А ведь документы свидетельствуют, что Барклай-де-Толли и до совета в Филях изложил Кутузову «причины, по коим полагал он отступление необходимым», и на самом совете ответственно аргументировал их, после чего фельдмаршалу оставалось только присоединиться к аргументам Барклая, и вся «знаменитая», «полная смысла, трагизма…» и т. д. речь Кутузова была лишь повторением того, что высказал и в чем убеждал генералов (часть из них и убедил) Барклай.

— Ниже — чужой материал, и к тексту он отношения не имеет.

Lemma avoiding_multiple c a N : R c -> R a -> (0 < N)%N ->
  exists2 f, R f & forall Q, is_maximal_ideal R Q -> Q N%:R -> ~ Q a -> ~ Q (c + a * f).
Proof.
move=> Rc Ra N_gt0.
have /choice [w wP] : forall Q, exists w,
    is_maximal_ideal R Q /\ ~ Q a -> R w /\ Q (c + a * w - 1).
  move=> Q; have [[maxQ Qa] | nQ] := classic (is_maximal_ideal R Q /\ ~ Q a); last first.
    by exists 0 => /nQ.
  have [u Ru Qua] := maximal_inv maxQ Ra Qa.
  exists (u * (1 - c)) => _; split; first by apply: RpredM Ru (RpredB Rpred1 Rc).
  have -> : c + a * (u * (1 - c)) - 1 = (u * a - 1) * (1 - c) by ring.
  by apply: (idealMr (maximal_ideal maxQ)) Qua; apply: RpredB Rpred1 Rc.
have [f Rf fw] := chinese_remainder (S := fun Q => is_maximal_ideal R Q /\ ~ Q a) (v := w)
  N_gt0 ideal_R (fun Q SQ => (wP Q SQ).1).
exists f => // Q maxQ QN Qa Qcaf; have idQ := maximal_ideal maxQ.
have Qfw : Q (f - w Q) by apply: (prod_ideal_subl idQ ideal_R); apply: fw.
apply: (maximal_not1 maxQ).
have -> : 1 = c + a * f - (c + a * w Q - 1) - a * (f - w Q) by ring.
apply: (idealB idQ); last by apply: (idealMl idQ Ra).
by apply: (idealB idQ Qcaf); apply: (wP Q (conj maxQ Qa)).2.
Qed.

Section LocalGlobal.
Variables (I : L -> Prop) (d : nat).
Hypotheses (idI : is_ideal R I) (d_gt1 : (1 < d)%N).
Hypothesis locgen : forall P, is_maximal_ideal R P ->
  exists h : 'I_d -> L, (forall j, I (h j)) /\ generates_mod P I h.

Let i0 : 'I_d := Ordinal (ltnW d_gt1).
Let i1 : 'I_d := Ordinal d_gt1.

Section NatInIdeal.
Variable N : nat.
Hypotheses (N_gt0 : (0 < N)%N) (IN : I N%:R).

Lemma first_generator : exists g1, [/\ I g1, g1 != 0 &
  forall P, is_maximal_ideal R P -> P N%:R -> ~ prod_ideal P I g1].
Proof.
have /choice [y yP] : forall P, exists y,
    is_maximal_ideal R P /\ P N%:R -> I y /\ ~ prod_ideal P I y.
  move=> P; have [[maxP _] | nP] := classic (is_maximal_ideal R P /\ P N%:R).
    by have [y ?] := exists_not_in_prod_ideal maxP idI N_gt0 IN; exists y.
  by exists 0 => /nP.
have [g Ig gy] := chinese_remainder (v := y) N_gt0 idI (fun P SP => (yP P SP).1).
pose NN := (N%:R : L) * N%:R.
pose g1 := if g == 0 then NN else g.
exists g1; split.
- by rewrite /g1; case: eqP => _ //; apply: (idealMl idI (Rpred_nat N) IN).
- by rewrite /g1; have [_ | //] := eqVneq g 0; rewrite /NN mulf_neq0 ?natf_neq0.
move=> P maxP PN PIg1; have idPI := prod_ideal_ideal (maximal_ideal maxP) idI.
have [_ PIy] := yP P (conj maxP PN); apply: PIy.
have PIg1g : prod_ideal P I (g1 - g).
  rewrite /g1; case: eqP => [-> | _]; last by rewrite subrr; apply: ideal0 idPI.
  by rewrite subr0; apply: prod_ideal_mul.
have -> : y P = g1 - (g1 - g) - (g - y P) by ring.
by apply: (idealB idPI); [apply: (idealB idPI) | apply: gy].
Qed.

Lemma generates_mod_over_N g1 : I g1 ->
  (forall P, is_maximal_ideal R P -> P N%:R -> ~ prod_ideal P I g1) ->
  exists c : 'I_d -> L, [/\ c i0 = g1, forall j, I (c j) &
    forall P, is_maximal_ideal R P -> P N%:R -> generates_mod P I c].
Proof.
move=> Ig1 g1P.
have /choice [H HP] : forall P, exists h : 'I_d -> L, is_maximal_ideal R P /\ P N%:R ->
    [/\ h i0 = g1, forall j, I (h j) & generates_mod P I h].
  move=> P; have [[maxP PN] | nP] := classic (is_maximal_ideal R P /\ P N%:R); last first.
    by exists (fun _ => 0) => /nP.
  have [h [Ih genh]] := locgen maxP.
  have [h' ?] := generates_mod_exchange (maximal_ideal maxP) idI maxP i0 Ih genh Ig1
    (g1P P maxP PN).
  by exists h'.
have IH P j : is_maximal_ideal R P /\ P N%:R -> I (H P j) by move/HP => [].
have /choice [c cP] : forall j, exists c, I c /\
    forall P, is_maximal_ideal R P -> P N%:R -> prod_ideal P I (c - H P j).
  move=> j; have [c Ic cH] := chinese_remainder (v := H^~ j) N_gt0 idI (IH^~ j).
  by exists c; split=> // P maxP PN; apply: cH.
pose c' j := if j == i0 then g1 else c j.
exists c'; split=> [||P maxP PN]; first by rewrite /c' eqxx.
  by move=> j; rewrite /c'; case: eqP => _ //; case: (cP j).
have [H0 _ genH] := HP P (conj maxP PN).
apply: (generates_mod_congr (maximal_ideal maxP) idI _ _ genH) => j; rewrite /c'.
  by case: eqP => _ //; case: (cP j).
case: eqP => [-> | _]; last exact: (cP j).2.
by rewrite H0 subrr; apply: ideal0 (prod_ideal_ideal (maximal_ideal maxP) idI).
Qed.

(* Where [P] contains [N], [g] agrees with [c] modulo [P I]; elsewhere either
   [N'], a multiple of [g i0], or the adjusted [g i1] is a unit modulo [P]. *)
Lemma generates_mod_everywhere : exists g : 'I_d -> L, [/\ forall j, I (g j),
  exists2 N', (0 < N')%N & rspan g N'%:R &
  forall P, is_maximal_ideal R P -> generates_mod P I g].
Proof.
have [g1 [Ig1 g1_neq0 g1P]] := first_generator.
have [c [c0 Ic cgen]] := generates_mod_over_N Ig1 g1P.
have [N' N'_gt0 [r Rr N'E]] := exists_nat_multiple (ideal_sub idI Ig1) g1_neq0.
have RN := Rpred_nat N; pose NN := (N%:R : L) * N%:R.
have [f Rf fP] := avoiding_multiple (ideal_sub idI (Ic i1)) (RpredM RN RN) N'_gt0.
pose g j := if j == i1 then c i1 + NN * f else c j.
have NNfE : NN * f = N%:R * (N%:R * f) by rewrite /NN mulrA.
have Ig j : I (g j).
  rewrite /g; case: eqP => _ //; apply: (idealD idI (Ic i1)).
  by rewrite NNfE; apply: (idealMl idI RN); apply: (idealMr idI Rf IN).
have gN' : rspan g N'%:R.
  rewrite N'E (_ : g1 = g i0); last by rewrite /g (_ : i0 == i1 = false).
  exact: (idealMr (rspan_ideal (fun j => ideal_sub idI (Ig j))) Rr (rspan_gen g i0)).
exists g; split=> //; first by exists N'.
move=> P maxP; have idP := maximal_ideal maxP.
have [PN | PN] := classic (P N%:R).
  apply: (generates_mod_congr idP idI Ig _ (cgen P maxP PN)) => j.
  rewrite /g; case: eqP => [-> | _].
    by rewrite addrC addKr NNfE; apply: prod_ideal_mul PN (idealMr idI Rf IN).
  by rewrite subrr; apply: ideal0 (prod_ideal_ideal idP idI).
have [PN' | PN'] := classic (P N'%:R); last exact: (generates_mod_unit idP idI maxP Ig gN' PN').
apply: (generates_mod_unit idP idI maxP Ig (rspan_gen g i1)).
by rewrite /g eqxx; apply: fP => //; apply: maximal_mul_notin.
Qed.

End NatInIdeal.

Lemma generated_by_local_global : generated_by R I d.
Proof.
have [[a [Ia a_neq0]] | I0] := classic (exists a, I a /\ a != 0); last first.
  exists (fun _ => 0); split=> [j | x]; first exact: ideal0 idI.
  have sum0 (a : 'I_d -> L) : \sum_j a j * 0 = 0 by rewrite big1 // => j _; rewrite mulr0.
  split=> [Ix | [a [_ ->]]]; last by rewrite sum0; apply: ideal0 idI.
  exists (fun _ => 0); split=> [j|]; first exact: Rpred0.
  by rewrite sum0; apply: NNPP => /eqP x_neq0; apply: I0; exists x.
have [N N_gt0 IN] := exists_nat_in_ideal idI Ia a_neq0.
have [g [Ig [N' N'_gt0 gN'] gen]] := generates_mod_everywhere N_gt0 IN.
exists g; split=> // x; split; first exact: (local_global_span idI Ig N'_gt0 gN' gen).
exact: (rspan_min idI Ig).
Qed.

End LocalGlobal.

End NumberRing.

Theorem lemma4p5 (L : fieldExtType rat) (R I : L -> Prop) :
  is_subring R -> is_ideal R I ->
  forall d : nat, (2 <= d)%N ->
    (generated_by R I d <->
     forall P : L -> Prop, is_maximal_ideal R P ->
       generated_by (localization R P) (loc_ideal R P I) d).
Proof.
move=> subR idI d d_gt1; split=> [Igen P maxP | locgen].
  exact: (generated_by_loc subR maxP idI Igen).
apply: (generated_by_local_global subR idI d_gt1) => P maxP.
exact: (loc_generated_generates_mod subR maxP idI (locgen P maxP)).
Qed.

Между тем генералы, настроенные сражаться за Москву, пришли в ужас от принятого решения («От сего у нас волосы стали дыбом», — вспоминал Коновницын) и расходились после совета с тяжелым чувством, как с похорон. Переживали, конечно, все участники совета, но, пожалуй, больше всех — сам Кутузов. Он не хуже любого из своих генералов понимал, что значит Москва для России. Давно ли он прямо говорил (и писал) Ростопчину и самому царю, что считает своим долгом «спасение Москвы», что «с потерею Москвы соединена потеря России»! Теперь же, оставленный без подкреплений, он, как и Барклай-де-Толли, видел, что спасти Россию можно, только пожертвовав Москвой, и глубоко переживал тяжесть такой жертвы: «Несколько раз за эту ночь слышали, что он плачет».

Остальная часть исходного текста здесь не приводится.